Ministerpräsident Hun Sen hat nach massivem Druck auf die
Nationalversammlung dafür gesorgt, dass die parlamentarische
Immunität von drei Oppositionspolitikern aufgehoben wurde,
unter ihnen Sam Rainsy, Vorsitzender der stärksten
Oppositionspartei. Die Politiker, neben Sam Rainsy sind dies Cheam
Channy und Chea Poch, suchten vorübergehend Schutz in der
US-Botschaft in Phnom Penh, bevor Rainsy und Chea Poch Kambodscha
verließen und in die USA ausflogen. Cheam Channy wurde
verhaftet. Ihnen war vorgeworfen worden, eine "illegale bewaffnete
Einheit" organisiert zu haben.
Die Demokratie ausgehöhlt
Nicht nur politische Beobachter in Phnom Penh sehen das Vorgehen
als einen erneuten Versuch des Regierungschefs, die Opposition
völlig auszuschalten und nahezu uneingeschränkt zu
regieren. Dies wäre ein großen Rückschlag für
die demokratische Entwicklung des südostasiatischen Landes,
dessen Haushalt zur Hälfte von der internationalen
Gemeinschaft finanziert wird. Bereits Ende April hat der Bundestag
einen Antrag der FDP-Bundestagsfraktion (15/5071) einstimmig
angenommen, indem die "volle Wiederherstellung der
parlamentarischen Rechte" der kambodschanischen
Abgeordnetengefordert wird. Hun Sen habe - von der internationalen
Öffentlichkeit fast unbemerkt - systematisch die Grundfesten
der demokratischen Ordnung ausgehöhlt.
Die letzten Parlamentswahlen im Sommer 2003 hatten zu keinen
klaren Mehrheitsverhältnissen geführt. Ein Jahr lang
hatte das Tauziehen zwischen Hun Sens ex-kommunistischer
Regierungspartei CPP, der Funcipec Partei von Prinz Norodom
Ranariddh, einem Sohn des früheren Königs Sihanouk, und
der Partei Sam Rainsys gedauert. Schließlich gelang es Hun Sen
mit einem beispiellosen Coup, sich die Mehrheit der Parlamentssitze
zu sichern. Nach unbestätigten Meldungen wurde Ranariddhs
Bereitschaft zur Koalitionsbildung mit der CPP mit einer Zahlung
von 30 Millionen Dollar und einem Privatflugzeug vergolten. Damit
wurden Ranariddh die Mandate abgekauft, die der
Ministerpräsident zur Festigung seiner Macht benötigte.

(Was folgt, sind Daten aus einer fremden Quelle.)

(* There is a unique $q_0\approx0.989681$ such that $\delta(q)>0$ for $q>q_0$ and $\delta(q)<0$ for $q<q_0$.
   Context: For $q\in\mathbb{R}$ define $\delta(q)=\frac{1-(2/\pi)^{3q-8/5}}{3q-8/5}-\frac1{3q}$ if $q>0$, $q\ne\frac8{15}$; $\delta(\frac8{15})=-\ln\frac2\pi-\frac58$; and $\delta(q)=-\infty$ if $q\le0$. (This is the limit as $x\to\pi/2^-$ of $\frac{U_{3q-8/5}(\sin x/x)}{U_q(\cos x)}-\frac13$, where $U_p(s)=\frac{1-s^p}{p}$, $U_0(s)=-\ln s$.) *)

From Stdlib Require Import Reals.
From Coquelicot Require Import Coquelicot.
Open Scope R_scope.

Definition delta (q : R) : Rbar :=
  if Rle_dec q 0 then m_infty
  else if Req_EM_T q (8/15) then Finite (- ln (2 / PI) - 5/8)
  else Finite ((1 - Rpower (2 / PI) (3*q - 8/5)) / (3*q - 8/5) - 1 / (3*q)).

(* With a = ln(pi/2) and p = 3q - 8/5 one has (2/pi)^p = exp(-ap), so for q > 0, q <> 8/15,
     delta(q) = (8/5) (exp(ap) - 1 - 5p/8) / (exp(ap) p 3q).
   The convex function exp(ap) - 1 - 5p/8 vanishes at p = 0 with slope a - 5/8 < 0, hence has
   exactly one further zero p0 > 0: it is positive for p < 0 and p > p0, negative in between.
   So delta < 0 below q0 = (p0 + 8/5)/3 and delta > 0 above it. The sign analysis is done on
   ap - ln(1 + 5p/8), which has the same sign and a single critical point; p0 is trapped in
   (1.3690415, 1.3690445) by the intermediate value theorem, using Machin-like bounds for pi and
   Taylor bounds for exp. *)

From Stdlib Require Import Reals Lra Ranalysis5 Machin.
From Coquelicot Require Import Coquelicot.
Open Scope R_scope.

Section LinearMinusLog.

Variables a c : R.
Hypothesis a_pos : 0 < a.
Hypothesis a_lt_c : a < c.

Definition gap (p : R) : R := a * p - ln (1 + c * p).

Definition gap_crit : R := / a - / c.

Lemma one_add_mul_pos p : - / c < p -> 0 < 1 + c * p.
Proof.
intros Hp.
assert (Hc : c * / c = 1) by (field; lra).
nra.
Qed.

Lemma gap_crit_pos : 0 < gap_crit.
Proof.
unfold gap_crit; apply Rlt_0_minus, Rinv_lt_contravar; nra.
Qed.

Lemma gap_0 : gap 0 = 0.
Proof. unfold gap; rewrite !Rmult_0_r, Rplus_0_r, ln_1; ring. Qed.

Lemma gap_derive p :
  - / c < p -> derivable_pt_lim gap p (a * c * (p - gap_crit) / (1 + c * p)).
Proof.
intros Hp; pose proof (one_add_mul_pos p Hp) as Hpos.
apply is_derive_Reals; unfold gap, gap_crit.
auto_derive; [lra|].
field; repeat split; lra.
Qed.

Lemma gap_mvt x y :
  - / c < x -> x < y ->
  exists z, x < z < y /\ gap y - gap x = a * c * (z - gap_crit) / (1 + c * z) * (y - x).
Proof.
intros Hx Hxy.
destruct (MVT_cor2 gap (fun z => a * c * (z - gap_crit) / (1 + c * z)) x y Hxy)
  as [z [Ez Hz]].
- intros z Hz; apply gap_derive; lra.
- exists z; split; assumption.
Qed.

Lemma gap_decreasing x y : - / c < x -> x < y -> y <= gap_crit -> gap y < gap x.
Proof.
intros Hx Hxy Hy.
destruct (gap_mvt x y Hx Hxy) as [z [Hz Ez]].
assert (Hslope : a * c * (z - gap_crit) / (1 + c * z) < 0).
{ apply Rdiv_neg_pos; [|apply one_add_mul_pos; lra].
  assert (0 < a * c) by nra; nra. }
nra.
Qed.

Lemma gap_increasing x y : gap_crit <= x -> x < y -> gap x < gap y.
Proof.
intros Hx Hxy.
assert (Hxc : - / c < x).
{ pose proof gap_crit_pos; assert (0 < / c) by (apply Rinv_0_lt_compat; lra); lra. }
destruct (gap_mvt x y Hxc Hxy) as [z [Hz Ez]].
assert (Hslope : 0 < a * c * (z - gap_crit) / (1 + c * z)).
{ apply Rdiv_lt_0_compat; [|apply one_add_mul_pos; lra].
  assert (0 < a * c) by nra; nra. }
nra.
Qed.

Lemma gap_pos_of_neg p : - / c < p < 0 -> 0 < gap p.
Proof.
intros Hp; rewrite <- gap_0.
pose proof gap_crit_pos; apply gap_decreasing; lra.
Qed.

Lemma gap_neg_of_le_crit p : 0 < p <= gap_crit -> gap p < 0.
Proof.
intros Hp; rewrite <- gap_0.
assert (0 < / c) by (apply Rinv_0_lt_compat; lra).
apply gap_decreasing; lra.
Qed.

Section PositiveRoot.

Variable p0 : R.
Hypothesis p0_pos : 0 < p0.
Hypothesis gap_p0 : gap p0 = 0.

Lemma gap_crit_lt_root : gap_crit < p0.
Proof.
destruct (Rlt_le_dec gap_crit p0) as [H|H]; [exact H|].
pose proof (gap_neg_of_le_crit p0); lra.
Qed.

Lemma gap_neg_below_root p : 0 < p < p0 -> gap p < 0.
Proof.
intros Hp; destruct (Rle_lt_dec p gap_crit).
- apply gap_neg_of_le_crit; lra.
- rewrite <- gap_p0; apply gap_increasing; lra.
Qed.

Lemma gap_pos_above_root p : p0 < p -> 0 < gap p.
Proof.
intros Hp; rewrite <- gap_p0.
pose proof gap_crit_lt_root; apply gap_increasing; lra.
Qed.

End PositiveRoot.

Lemma gap_pos_iff p : - / c < p -> 0 < gap p <-> 1 + c * p < exp (a * p).
Proof.
intros Hp; pose proof (one_add_mul_pos p Hp) as Hpos; unfold gap; split; intros H.
- rewrite <- (exp_ln (1 + c * p)) by assumption; apply exp_increasing; lra.
- assert (Hln : ln (1 + c * p) < ln (exp (a * p))) by (apply ln_increasing; assumption).
  rewrite ln_exp in Hln; lra.
Qed.

Lemma gap_neg_iff p : - / c < p -> gap p < 0 <-> exp (a * p) < 1 + c * p.
Proof.
intros Hp; pose proof (one_add_mul_pos p Hp) as Hpos; unfold gap; split; intros H.
- rewrite <- (exp_ln (1 + c * p)) by assumption; apply exp_increasing; lra.
- assert (Hln : ln (exp (a * p)) < ln (1 + c * p)) by (apply ln_increasing; [apply exp_pos|assumption]).
  rewrite ln_exp in Hln; lra.
Qed.

End LinearMinusLog.

Lemma PI_bounds : 314159265 / 100000000 <= PI <= 314159266 / 100000000.
Proof.
pose proof (PI_2_3_7_ineq 6) as [Hlo Hhi].
unfold tg_alt, PI_2_3_7_tg, Ratan_seq in Hlo, Hhi; simpl in Hlo, Hhi.
lra.
Qed.

Lemma Derive_n_exp k t : Derive_n exp k t = exp t.
Proof.
revert t; induction k as [|k IH]; intros t; [reflexivity|].
simpl; rewrite (Derive_ext _ _ t IH).
apply is_derive_unique, is_derive_Reals, derivable_pt_lim_exp.
Qed.

Definition exp_poly (n : nat) (y : R) : R :=
  sum_f_R0 (fun m => y ^ m / INR (Factorial.fact m)) n.

Lemma exp_taylor_bounds n y :
  0 < y ->
  exp_poly n y <= exp y /\
  exp y <= exp_poly n y + y ^ S n / INR (Factorial.fact (S n)) * exp y.
Proof.
intros Hy.
destruct (Taylor_Lagrange exp n 0 y Hy) as [z [Hz E]].
{ intros t _ [|k] _; [exact I|].
  apply (ex_derive_ext exp); [intros s; symmetry; apply Derive_n_exp|].
  exists (exp t); apply is_derive_Reals, derivable_pt_lim_exp. }
rewrite Derive_n_exp, Rminus_0_r in E.
replace (sum_f_R0 _ n) with (exp_poly n y) in E.
2:{ unfold exp_poly; apply sum_eq; intros m _.
    rewrite Derive_n_exp, exp_0; ring. }
assert (Hrem : 0 < y ^ S n / INR (Factorial.fact (S n))).
{ apply Rdiv_lt_0_compat; [apply pow_lt; lra|].
  apply lt_0_INR, Factorial.lt_O_fact. }
assert (exp z < exp y) by (apply exp_increasing; lra).
pose proof (exp_pos z).
split; nra.
Qed.

Lemma exp_poly_le_exp n y : 0 < y -> exp_poly n y <= exp y.
Proof. intros Hy; apply exp_taylor_bounds, Hy. Qed.

Lemma exp_le_exp_poly n y :
  0 < y -> y ^ S n / INR (Factorial.fact (S n)) < 1 ->
  exp y <= exp_poly n y / (1 - y ^ S n / INR (Factorial.fact (S n))).
Proof.
intros Hy Hrem; destruct (exp_taylor_bounds n y Hy) as [_ Hhi].
apply Rle_div_r; [lra|]; nra.
Qed.

Ltac eval_exp_poly :=
  unfold exp_poly; cbn [sum_f_R0]; rewrite ?fact_simpl, ?mult_INR;
  cbn [Factorial.fact]; rewrite ?INR_IZR_INZ;
  cbn [Z.of_nat Pos.of_succ_nat Pos.succ pow].

Definition ln_half_pi : R := ln (PI / 2).

Lemma ln_half_pi_bounds : 45158270 / 100000000 < ln_half_pi < 45158271 / 100000000.
Proof.
pose proof PI_bounds; unfold ln_half_pi; split.
- rewrite <- (ln_exp (45158270 / 100000000)).
  apply ln_increasing; [apply exp_pos|].
  eapply Rle_lt_trans; [apply (exp_le_exp_poly 11); [lra|eval_exp_poly; lra]|].
  eval_exp_poly; lra.
- rewrite <- (ln_exp (45158271 / 100000000)).
  apply ln_increasing; [lra|].
  eapply Rlt_le_trans; [|apply (exp_poly_le_exp 11); lra].
  eval_exp_poly; lra.
Qed.

Lemma ln_half_pi_pos : 0 < ln_half_pi.
Proof. pose proof ln_half_pi_bounds; lra. Qed.

Lemma ln_half_pi_lt : ln_half_pi < 5 / 8.
Proof. pose proof ln_half_pi_bounds; lra. Qed.

Notation gap_half_pi := (gap ln_half_pi (5 / 8)).

Lemma gap_half_pi_lower : gap_half_pi (13690415 / 10000000) < 0.
Proof.
pose proof ln_half_pi_bounds.
apply (gap_neg_iff _ _ ln_half_pi_pos ln_half_pi_lt); [lra|].
apply Rlt_trans with (exp (45158271 / 100000000 * (13690415 / 10000000))).
{ apply exp_increasing; nra. }
eapply Rle_lt_trans; [apply (exp_le_exp_poly 11); [lra|eval_exp_poly; lra]|].
eval_exp_poly; lra.
Qed.

Lemma gap_half_pi_upper : 0 < gap_half_pi (13690445 / 10000000).
Proof.
pose proof ln_half_pi_bounds.
apply (gap_pos_iff _ _ ln_half_pi_pos ln_half_pi_lt); [lra|].
apply Rlt_trans with (exp (45158270 / 100000000 * (13690445 / 10000000))).
2:{ apply exp_increasing; nra. }
eapply Rlt_le_trans; [|apply (exp_poly_le_exp 11); lra].
eval_exp_poly; lra.
Qed.

Lemma gap_half_pi_root :
  { p0 | 13690415 / 10000000 < p0 < 13690445 / 10000000 /\ gap_half_pi p0 = 0 }.
Proof.
pose proof gap_half_pi_lower; pose proof gap_half_pi_upper.
destruct (IVT_interv gap_half_pi (13690415 / 10000000) (13690445 / 10000000))
  as [p0 [Hp0 E]]; try lra.
- intros p Hp; apply derivable_continuous_pt.
  eexists; apply (gap_derive _ _ ln_half_pi_pos ln_half_pi_lt); lra.
- exists p0; split; [|exact E].
  destruct Hp0 as [[H1|H1] [H2|H2]]; subst; lra.
Qed.

Lemma Rpower_two_over_pi p : Rpower (2 / PI) p = / exp (ln_half_pi * p).
Proof.
pose proof PI_bounds; unfold Rpower, ln_half_pi.
replace (2 / PI) with (/ (PI / 2)) by (field; lra).
rewrite ln_Rinv, <- exp_Ropp by lra.
f_equal; ring.
Qed.

Lemma delta_eq q :
  0 < q -> q <> 8 / 15 ->
  delta q = Finite (8 / 5 * (exp (ln_half_pi * (3 * q - 8 / 5)) - (1 + 5 / 8 * (3 * q - 8 / 5)))
                    / (exp (ln_half_pi * (3 * q - 8 / 5)) * (3 * q - 8 / 5) * (3 * q))).
Proof.
intros Hq Hq8; unfold delta.
destruct (Rle_dec q 0); [lra|]; destruct (Req_EM_T q (8 / 15)); [lra|].
f_equal; rewrite Rpower_two_over_pi.
pose proof (exp_pos (ln_half_pi * (3 * q - 8 / 5))).
field; repeat split; lra.
Qed.

Lemma delta_8_15 : delta (8 / 15) = Finite (ln_half_pi - 5 / 8).
Proof.
pose proof PI_bounds; unfold delta, ln_half_pi.
destruct (Rle_dec (8 / 15) 0); [lra|]; destruct (Req_EM_T (8 / 15) (8 / 15)); [|lra].
replace (2 / PI) with (/ (PI / 2)) by (field; lra).
rewrite ln_Rinv by lra; f_equal; ring.
Qed.

Section DeltaSign.

Variable p0 : R.
Hypothesis p0_pos : 0 < p0.
Hypothesis gap_p0 : gap_half_pi p0 = 0.

Lemma delta_pos_above q : p0 < 3 * q - 8 / 5 -> Rbar_lt (Finite 0) (delta q).
Proof.
intros Hq; rewrite delta_eq by lra; simpl.
assert (Hexp : 1 + 5 / 8 * (3 * q - 8 / 5) < exp (ln_half_pi * (3 * q - 8 / 5))).
{ apply (gap_pos_iff _ _ ln_half_pi_pos ln_half_pi_lt); [lra|].
  apply (gap_pos_above_root _ _ ln_half_pi_pos ln_half_pi_lt p0); assumption. }
pose proof (exp_pos (ln_half_pi * (3 * q - 8 / 5))).
apply Rdiv_lt_0_compat; [lra|].
apply Rmult_lt_0_compat; [apply Rmult_lt_0_compat|]; lra.
Qed.

Lemma delta_neg_below q : 3 * q - 8 / 5 < p0 -> Rbar_lt (delta q) (Finite 0).
Proof.
intros Hq.
destruct (Rle_dec q 0) as [Hq0|Hq0].
{ unfold delta; destruct (Rle_dec q 0); [exact I|contradiction]. }
pose proof (exp_pos (ln_half_pi * (3 * q - 8 / 5))).
destruct (Rtotal_order (3 * q - 8 / 5) 0) as [Hp|[Hp|Hp]].
- rewrite delta_eq by lra; simpl.
  assert (Hexp : 1 + 5 / 8 * (3 * q - 8 / 5) < exp (ln_half_pi * (3 * q - 8 / 5))).
  { apply (gap_pos_iff _ _ ln_half_pi_pos ln_half_pi_lt); [lra|].
    apply (gap_pos_of_neg _ _ ln_half_pi_pos ln_half_pi_lt); lra. }
  apply Rdiv_pos_neg; [lra|].
  assert (0 < exp (ln_half_pi * (3 * q - 8 / 5)) * (3 * q)) by (apply Rmult_lt_0_compat; lra).
  nra.
- replace q with (8 / 15) by lra; rewrite delta_8_15; simpl.
  pose proof ln_half_pi_lt; lra.
- rewrite delta_eq by lra; simpl.
  assert (Hexp : exp (ln_half_pi * (3 * q - 8 / 5)) < 1 + 5 / 8 * (3 * q - 8 / 5)).
  { apply (gap_neg_iff _ _ ln_half_pi_pos ln_half_pi_lt); [lra|].
    apply (gap_neg_below_root _ _ ln_half_pi_pos ln_half_pi_lt p0); auto; lra. }
  apply Rdiv_neg_pos; [lra|].
  apply Rmult_lt_0_compat; [apply Rmult_lt_0_compat|]; lra.
Qed.

End DeltaSign.

Lemma sign_change_le (f : R -> Rbar) x y :
  (forall q, q > x -> Rbar_lt (Finite 0) (f q)) ->
  (forall q, q < y -> Rbar_lt (f q) (Finite 0)) ->
  y <= x.
Proof.
intros Hpos Hneg; apply Rnot_lt_le; intros Hxy.
specialize (Hpos ((x + y) / 2) ltac:(lra)); specialize (Hneg ((x + y) / 2) ltac:(lra)).
destruct (f ((x + y) / 2)); simpl in *; lra.
Qed.

Theorem lemma10 :
  exists! q0 : R,
    (forall q : R, q > q0 -> Rbar_lt (Finite 0) (delta q)) /\
    (forall q : R, q < q0 -> Rbar_lt (delta q) (Finite 0)) /\
    9896805 / 10000000 <= q0 < 9896815 / 10000000.
Proof.
destruct gap_half_pi_root as [p0 [Hp0 Hroot]].
assert (Habove : forall q, q > (p0 + 8 / 5) / 3 -> Rbar_lt (Finite 0) (delta q))
  by (intros q Hq; apply (delta_pos_above p0); lra).
assert (Hbelow : forall q, q < (p0 + 8 / 5) / 3 -> Rbar_lt (delta q) (Finite 0))
  by (intros q Hq; apply (delta_neg_below p0); lra).
exists ((p0 + 8 / 5) / 3); split.
- repeat split; auto; lra.
- intros q0 [Habove0 [Hbelow0 _]].
  apply Rle_antisym; eapply sign_change_le; eassumption.
Qed.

Ranariddh, seinem einstigen politischen Gegenspieler, den er 1977
mit einem blutigen Putsch vorübergehend aus dem Land verjagt
hatte, blieb der Posten des Präsidenten der
Nationalversammlung.
Scharfe Kritik an der Regierung
Brad Adams, Chef der Asien-Abteilung von Human Rights` Watch,
íst davon überzeugt, dass Hun Sen schon seit einem Jahr
nach einem Vorwand sucht, um Sam Rainsy auszuschalten. "Hun Sens
Vorgehen könnte eine Kehrtwende in der demokratischen
Entwick-lung hin zu einem Ein-Parteien-Staat bedeuten." Sam Rainsy
beurteilt die Situation ähnlich und ließ in einer in
Washington veröffentlichten Presseerklärung mitteilen,
Hun Sen unternehme Schritte, um wichtige Oppositionelle zu
eliminieren. Rainsy warf dem Ministerpräsidenten außerdem
vor, viele Millionen Dollar an internationaler Hilfe zu
veruntreuen. Wenn schon die Geberländer nicht kontrollierten,
ob ihre Unterstützung ankomme und effektiv sei, dann
müsse dies eine dynamische Opposition tun, betonte Rainsy.
Allerdings hatten die Geberländer schon einmal ihre
Entwick-lungshilfe storniert, als Hun Sen der Koalition mit Prinz
Ranariddh mit Gewalt ein Ende gesetzt hatte.
Oppositionspolitiker Sam Rainsy, der in der Vergan-genheit immer
wieder von den USA unterstützt worden ist, ist besorgt
über die Gewaltbereitschaft in seinem Land. Er teilt das
Schicksal vieler Politiker, die mit dem skrupellosen Hun Sen
zusammengearbeitet haben und nicht länger schweigen mochten.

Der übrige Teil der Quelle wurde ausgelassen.